We also need to define a function to sample arbitrary batches from the training pairs (we can generate arbitrary pairs for training given our low-cardinality).

def sequence(batch_size: int = 1024):
    items = [random.choice(encoded_pairs) for i in range(batch_size)]
    return torch.tensor(items, dtype=int)
sequence(batch_size=5)

The Math

Scaled dot-product attention is defined as:

\[\text{Attention}(Q, K, V) = \text{softmax}\!\left(\frac{QK^\top}{\sqrt{d_k}}\right) V\]

Q, K, and V stand for Query, Key, and Value — borrowed from information retrieval. Q is the query (what we want to retrieve), K contains the keys that index each memory slot, and V contains the values to be returned.

Dot-product similarity. \(QK^\top \in \mathbb{R}^n\) gives a score for how well the query matches each of the \(n\) keys.

Scaling by \(\sqrt{d_k}\). Dot products in high-dimensional spaces tend to grow large, which pushes softmax into saturation — gradients vanish and learning stalls. Dividing by \(\sqrt{d_k}\) keeps scores in a usable range regardless of embedding dimension.

Softmax converts scores to attention weights \(\alpha \in \mathbb{R}^n\) that sum to 1:

\[\alpha_i = \frac{\exp\!\left(Q K_i^\top / \sqrt{d_k}\right)}{\displaystyle\sum_j \exp\!\left(Q K_j^\top / \sqrt{d_k}\right)}\]

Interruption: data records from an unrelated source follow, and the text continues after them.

(* Let $d\ge1$ and let $y=(y_S)_{S\in\mathcal{V}_{n,2d}}$ be a vector over $\mathbb{F}_q$. Suppose $H_d(y)$ is nonzero and $\operatorname{rank}H_d(y)\le d$. Then there exists $e\in\{0,1,\dots,d-1\}$ such that $r_e=r_{e+1}>0$.
   Context: $\mathbb{F}_q$ is a finite field. $\mathcal{V}_{n,j}:=\{S\subseteq\{1,\dots,n\}:0\le|S|\le j\}$ (including $\emptyset$). For $0\le e\le d$, $H_e(y)$ is the matrix with rows and columns indexed by $\mathcal{V}_{n,e}$ and $(S,T)$ entry $y_{S\cup T}$, and $r_e:=\operatorname{rank}H_e(y)$. *)

From HB Require Import structures.
From mathcomp Require Import all_boot all_order all_algebra all_field.
Set Implicit Arguments. Unset Strict Implicit. Unset Printing Implicit Defensive.
Import GRing.Theory.
Local Open Scope ring_scope.

Definition Vset (n j : nat) : {set {set 'I_n}} := [set S : {set 'I_n} | (#|S| <= j)%N].

(* The vector y is given as a function on
   all subsets; only its values on V_{n,2e} are ever used. *)
Definition Hmx (F : fieldType) (n e : nat) (y : {set 'I_n} -> F)
  : 'M[F]_(#|Vset n e|) :=
  \matrix_(i, j) y (enum_val i :|: enum_val j).

Definition rk (F : fieldType) (n e : nat) (y : {set 'I_n} -> F) : nat :=
  \rank (Hmx e y).

From HB Require Import structures.
From mathcomp Require Import all_boot all_order all_algebra all_field.
From mathcomp Require Import zify.
Import GRing.Theory.
Local Open Scope ring_scope.

(* Inside the support of a nonzero entry of H_d(y) pick W minimal for
   inclusion with y_W <> 0, so that |W| <= 2d and y vanishes on the proper
   subsets of W, and put e0 := ceil(|W|/2) <= d.  Enumerate W as
   w_0, ..., w_{k-1}; for j <= e0 let S_j be the window {w_j, ..., w_{j+e0-1}}
   (truncated at w_{k-1}) and T_j := W \ S_j, all of size at most e0.  The
   (e0+1) x (e0+1) submatrix of H_{e0}(y) with entries y_{T_i ∪ S_j} is
   triangular with diagonal y_W, since for i < j the set T_i ∪ S_j misses w_i.
   Hence r_{e0} > e0 while r_d <= d, so the nondecreasing sequence
   r_{e0} <= ... <= r_d cannot increase at every step. *)

Lemma nondecreasing_flat_step {r : nat -> nat} {a b : nat} :
  {homo r : m n / (m <= n)%N} -> (a <= b)%N -> (r b < r a + (b - a))%N ->
  exists2 e, (a <= e < b)%N & r e = r e.+1.
Proof.
move=> r_homo; elim: b => [|b IHb] le_ab slow.
  by move: le_ab slow; rewrite leqn0 => /eqP->; rewrite addn0 ltnn.
have [a_eq | le_ab'] : a = b.+1 \/ (a <= b)%N by lia.
  by rewrite a_eq subnn addn0 ltnn in slow.
have [flat | steep] := eqVneq (r b) (r b.+1); first by exists b; lia.
have lt_rb : (r b < r b.+1)%N by rewrite ltn_neqAle steep r_homo.
by have [e he flat] := IHb le_ab' ltac:(lia); exists e; lia.
Qed.

Section Segments.

Context {T : finType} (s : seq T).
Hypothesis s_uniq : uniq s.

Lemma mem_take_drop lo len x :
  (x \in take len (drop lo s)) = (x \in s) && (lo <= index x s < lo + len)%N.
Proof.
have := s_uniq; rewrite -{1 3 4 5}(cat_take_drop lo s) cat_uniq mem_cat index_cat.
case/and3P=> _ /hasPn disj _.
have [x_take | x_ntake] /= := boolP (x \in take lo s).
  have x_ndrop : x \notin drop lo s by apply: contraL x_take; apply: disj.
  have := index_mem x (take lo s); rewrite x_take size_take_min => lt_idx.
  rewrite leqNgt (leq_trans lt_idx (geq_minl _ _)) /=.
  by apply: contraNF x_ndrop => /mem_take.
have [x_drop | x_ndrop] /= := boolP (x \in drop lo s); last first.
  by apply: contraNF x_ndrop => /mem_take.
have : (0 < size (drop lo s))%N by case: (drop lo s) x_drop.
rewrite size_drop subn_gt0 => /ltnW lo_le.
by rewrite in_take // size_takel // leq_addr ltn_add2l.
Qed.

Definition window lo len : {set T} := [set x in s | lo <= index x s < lo + len]%N.

Lemma card_window lo len : #|window lo len| = minn len (size s - lo).
Proof.
have -> : window lo len = [set x in take len (drop lo s)].
  by apply/setP=> x; rewrite !inE mem_take_drop.
by rewrite cardsE (card_uniqP _) ?take_uniq ?drop_uniq // size_take_min size_drop.
Qed.

Lemma window_sub lo len : window lo len \subset [set x in s].
Proof. by apply/subsetP=> x; rewrite !inE => /andP[]. Qed.

Lemma nth_window x0 i lo len :
  (i < size s)%N -> (nth x0 s i \in window lo len) = (lo <= i < lo + len)%N.
Proof. by move=> lt_i; rewrite inE mem_nth // index_uniq. Qed.

End Segments.

Section MomentMatrix.

Context {F : fieldType} {n : nat} (y : {set 'I_n} -> F).

Lemma mxrank_union_submx {m e} {f g : 'I_m -> {set 'I_n}} :
  (forall i, #|f i| <= e)%N -> (forall j, #|g j| <= e)%N ->
  (\rank (\matrix_(i, j) y (f i :|: g j)) <= rk e y)%N.
Proof.
move=> f_le g_le; have set0_in : set0 \in Vset n e by rewrite inE cards0.
pose idx := enum_rank_in set0_in.
have -> : \matrix_(i, j) y (f i :|: g j) = rowsub (idx \o f) (colsub (idx \o g) (Hmx e y)).
  by apply/matrixP=> i j; rewrite !mxE /= !enum_rankK_in // inE.
rewrite rowsubE; apply: leq_trans (mxrankM_maxr _ _) _.
by rewrite -[Hmx e y]mulmx1 -mulmx_colsub mxrankM_maxl.
Qed.

Lemma rk_homo : {homo (fun e => rk e y) : e1 e2 / (e1 <= e2)%N}.
Proof.
move=> e1 e2 le_e; apply: mxrank_union_submx => i;
  by have := enum_valP i; rewrite inE => /leq_trans; apply.
Qed.

Lemma rk_gt_minimal_support (W : {set 'I_n}) e :
  y W != 0 -> (forall V : {set 'I_n}, V \proper W -> y V = 0) ->
  (e <= #|W| <= e.*2)%N -> (e < rk e y)%N.
Proof.
move=> yW_neq0 y_proper /andP[e_le_W W_le_2e].
pose s := enum W; have s_uniq : uniq s := enum_uniq W.
have size_s : size s = #|W| by rewrite cardE.
pose S (j : 'I_e.+1) := window s j e.
pose T (i : 'I_e.+1) := W :\: S i.
have S_sub i : S i \subset W by rewrite -[W]set_enum window_sub.
have card_S j : (#|S j| <= e)%N by rewrite card_window // geq_minl.
have card_T i : (#|T i| <= e)%N.
  by rewrite cardsDS // card_window // size_s; have := ltn_ord i; lia.
have diag i : T i :|: S i = W.
  by rewrite setUC -{1}(setIidPr (S_sub i)) setID.
have lower : is_trig_mx (\matrix_(i, j) y (T i :|: S j)).
  apply/is_trig_mxP=> i j lt_ij; rewrite mxE; apply: y_proper.
  have lt_i : (i < size s)%N by rewrite size_s; have := ltn_ord j; lia.
  have /set0Pn[x0 _] : W != set0 by rewrite -card_gt0 -size_s; lia.
  apply/properP; split; first by rewrite subUset subsetDl S_sub.
  exists (nth x0 s i); first by rewrite -[W]set_enum inE mem_nth.
  rewrite in_setU in_setD !nth_window //; have := ltn_ord j; lia.
apply: leq_trans _ (mxrank_union_submx card_T card_S).
rewrite mxrank_unit // unitmxE unitfE det_trig //.
rewrite (eq_bigr (fun _ => y W)) => [|i _]; last by rewrite mxE diag.
by rewrite prodr_const expf_neq0.
Qed.

Lemma Hmx_neq0_minimal_support d : Hmx d y != 0 ->
  exists W : {set 'I_n}, [/\ y W != 0, (#|W| <= d.*2)%N
    & forall V : {set 'I_n}, V \proper W -> y V = 0].
Proof.
move=> Hd_neq0; have [i [j yij_neq0]] := matrix0Pn _ Hd_neq0.
rewrite mxE in yij_neq0.
have [W /minsetP[/= yW_neq0 W_min] W_sub] :=
  minset_exists (P := [pred V | y V != 0]) yij_neq0.
exists W; split=> // [|V ltVW].
  have card_Vd (k : 'I_#|Vset n d|) : (#|enum_val k| <= d)%N.
    by have := enum_valP k; rewrite inE.
  rewrite -addnn; apply: leq_trans (subset_leq_card W_sub) _.
  exact: leq_trans (leq_card_setU _ _) (leq_add (card_Vd i) (card_Vd j)).
apply/eqP; apply: contraTT ltVW => yV_neq0.
by apply/negP=> /[dup] /proper_sub /(W_min _ yV_neq0) ->; rewrite properxx.
Qed.

End MomentMatrix.

Theorem lemma4p3 (F : finFieldType) (n d : nat) (y : {set 'I_n} -> F) :
  (1 <= d)%N ->
  Hmx d y != 0 ->
  (rk d y <= d)%N ->
  exists e : nat, [/\ (e < d)%N, rk e y = rk e.+1 y & (0 < rk e y)%N].
Proof.
(* 1 <= d is implied by the other two hypotheses. *)
move=> _ Hd_neq0 rk_d_le.
have [W [yW_neq0 W_le_2d y_proper]] := Hmx_neq0_minimal_support y d Hd_neq0.
pose e0 := uphalf #|W|.
have e0_W : (e0 <= #|W| <= e0.*2)%N.
  by rewrite leq_uphalf_double -addnn leq_addr uphalfK leq_addl.
have e0_le_d : (e0 <= d)%N by rewrite leq_uphalf_double.
have e0_lt_rk := rk_gt_minimal_support y W e0 yW_neq0 y_proper e0_W.
have [e /andP[e0_le_e e_lt_d] flat] :=
  nondecreasing_flat_step (rk_homo y) e0_le_d ltac:(lia).
exists e; split=> //.
exact: leq_trans (leq_ltn_trans (leq0n e0) e0_lt_rk) (rk_homo y _ _ e0_le_e).
Qed.
Lemma cone_sqdist_min v : exists a0, nonneg a0 /\
  forall a, nonneg a -> sqdist v (lcomb A a0) <= sqdist v (lcomb A a).
Proof.
have feas0 : feasible v set0.
  by rewrite /feasible sub0set; apply/forall_inP => i; rewrite inE.
case: (arg_minP (fun S => sqdist v (lcomb S (span_coef S v))) feas0).
move=> S /andP[SA /forall_inP b_ge0] S_min.
pose a0 i := if i \in S then span_coef S v i else 0.
exists a0; split; first by move=> i _; rewrite /a0; case: ifP => // /b_ge0.
move=> a a_ge0; have [S' feasS' le_S'] := feasible_sqdist_le v a_ge0.
have La0 : lcomb A a0 =1 lcomb S (span_coef S v).
  move=> x; rewrite (lcomb_subset u SA) => [|i]; last by rewrite inE /a0 => /andP[/negbTE ->].
  by apply: eq_lcomb => i iS; rewrite /a0 iS.
by rewrite (eq_sqdist _ La0); apply: le_trans (S_min S' feasS') le_S'.
Qed.

Lemma cone_proj_orth v : exists a0, [/\ nonneg a0,
  forall a, nonneg a -> dot (fun x => v x - lcomb A a0 x) (lcomb A a) <= 0
  & dot (fun x => v x - lcomb A a0 x) (lcomb A a0) = 0].
Proof.
have [a0 [a0_ge0 a0_min]] := cone_sqdist_min v.
pose r x := v x - lcomb A a0 x.
(* first-order optimality of [a0] along every admissible direction [c] *)
have r_obtuse c : (forall s, 0 < s -> s <= 1 -> nonneg (fun i => a0 i + s * c i)) ->
    dot r (lcomb A c) <= 0.
  move=> c_adm; apply: le0_quadratic (dot_self_ge0 (lcomb A c)) _ => s s_gt0 s_le1.
  have := a0_min _ (c_adm s s_gt0 s_le1).
  have -> : sqdist v (lcomb A a0) = dot r r by [].
  have -> : sqdist v (lcomb A (fun i => a0 i + s * c i))
            = dot (fun x => r x + (- s) * lcomb A c x) (fun x => r x + (- s) * lcomb A c x).
    by apply: eq_dot => x; rewrite lcomb_comb /r; ring.
  by rewrite dot_comb_self sqrrN -addrA lerDl mulrN mulNr addrC subr_ge0.
exists a0; split=> // [a a_ge0|].
  by apply: r_obtuse => s s_gt0 _ i iA; rewrite addr_ge0 ?mulr_ge0 ?a0_ge0 ?a_ge0 ?ltW.
apply/eqP; rewrite eq_le r_obtuse => [/=|s s_gt0 _ i iA]; last first.
  by rewrite addr_ge0 ?mulr_ge0 ?a0_ge0 ?ltW.
have := r_obtuse (fun i => - a0 i); rewrite !dot_lcombr.
under eq_bigr do rewrite mulNr; rewrite sumrN oppr_le0; apply=> s _ s_le1 i iA.
by rewrite mulrN -{1}[a0 i]mul1r -mulrBl mulr_ge0 ?subr_ge0 ?a0_ge0.
Qed.

Lemma cone_proj_bound v : exists a0, [/\ nonneg a0,
  forall a, nonneg a -> dot v (lcomb A a) <= norm (lcomb A a0) * norm (lcomb A a)
  & dot v (lcomb A a0) = norm (lcomb A a0) ^+ 2].
Proof.
have [a0 [a0_ge0 r_obtuse r_orth]] := cone_proj_orth v.
have dotv g : dot v g = dot (fun x => v x - lcomb A a0 x) g + 1 * dot (lcomb A a0) g.
  by rewrite -dot_combl; apply: eq_dot => // x; ring.
exists a0; split=> // [a a_ge0|]; last by rewrite dotv r_orth add0r mul1r sqr_norm.
rewrite dotv mul1r; apply: ler_wnDl (r_obtuse a a_ge0) _.
exact: le_trans (ler_norm _) (ler_abs_dot _ _).
Qed.

(* The maximum of [|<d, w>| / |w|] over the cone is the larger of the norms of
   the projections of [d] and [-d] onto the cone. *)
Lemma cone_dot_ratio_argmax d : (exists a, nonneg a /\ norm (lcomb A a) != 0) ->
  exists a0, [/\ nonneg a0, norm (lcomb A a0) != 0 &
    forall a, nonneg a -> dot_ratio d (lcomb A a) <= dot_ratio d (lcomb A a0)].
Proof.
move=> [aw [aw_ge0 aw_neq0]].
have [a1 [a1_ge0 le1 eq1]] := cone_proj_bound d.
have [a2 [a2_ge0 le2 eq2]] := cone_proj_bound (fun x => - d x).
set m := Num.max (norm (lcomb A a1)) (norm (lcomb A a2)).
have m_ge0 : 0 <= m by rewrite le_max norm_ge0.
have ratio_le a : nonneg a -> dot_ratio d (lcomb A a) <= m.
  move=> a_ge0; apply: dot_ratio_le => //.
    apply: le_trans (le1 a a_ge0) _; rewrite ler_wpM2r ?norm_ge0 //.
    by rewrite le_max lexx.
  rewrite -dotNl; apply: le_trans (le2 a a_ge0) _; rewrite ler_wpM2r ?norm_ge0 //.
  by rewrite le_max lexx orbT.
have [m0|m_neq0] := eqVneq m 0.
  by exists aw; split=> // a /ratio_le; rewrite m0 => /le_trans; apply; apply: dot_ratio_ge0.
have [a0 [a0_ge0 a0_neq0 ratio_a0]] : exists a0,
    [/\ nonneg a0, norm (lcomb A a0) != 0 & dot_ratio d (lcomb A a0) = m].
  move: m_neq0; rewrite /m; have [_|_] := leP (norm (lcomb A a1)) (norm (lcomb A a2)).
    by move=> ?; exists a2; rewrite -dot_ratioN dot_ratio_sqr.
  by move=> ?; exists a1; rewrite dot_ratio_sqr.
by exists a0; split=> // a /ratio_le; rewrite ratio_a0.
Qed.

End ConeProjection.

Section Gambles.
Variables (R : rcfType) (T : finType).
Local Notation one := (Defs.one R (T := T)).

Retrieval is a weighted sum of value rows:

\[\text{context} = \sum_i \alpha_i V_i\]

If \(\alpha\) were one-hot, this would be a hard lookup returning exactly \(V_j\). Softmax makes it a differentiable blend instead. Training pushes \(\alpha\) toward one-hot.

There’s a geometric interpretation as well - two vectors pointing in the same direction have a high dot product; two perpendicular vectors have a dot product of zero. The model exploits this directly: it learns to point each color’s query in the direction of its paired key, and away from all the others. After training, the ‘red’ query and its matched K row are nearly parallel; the ‘red’ query and any other K row are nearly orthogonal. Softmax turns that directional alignment into a near-winner-take-all selection.

The Architecture

In a standard transformer, K and V are projections of the input sequence. Here there is no sequence. Instead, \(K \in \mathbb{R}^{7 \times d}\) and \(V \in \mathbb{R}^{7 \times d}\) are free nn.Parameter tensors — a learned 7-slot associative memory. The forward pass is:

  1. The input color index goes through nn.Embedding to get a \(d\)-dimensional vector.
  2. A linear projection \(W_q\) maps it to a query \(Q \in \mathbb{R}^d\).
  3. \(Q\) is compared against all 7 rows of \(K\) by scaled dot product, producing 7 scores.
  4. Softmax converts scores to attention weights over the 7 slots.
  5. The weighted sum of \(V\) rows gives a context vector, which a final linear layer decodes to logits.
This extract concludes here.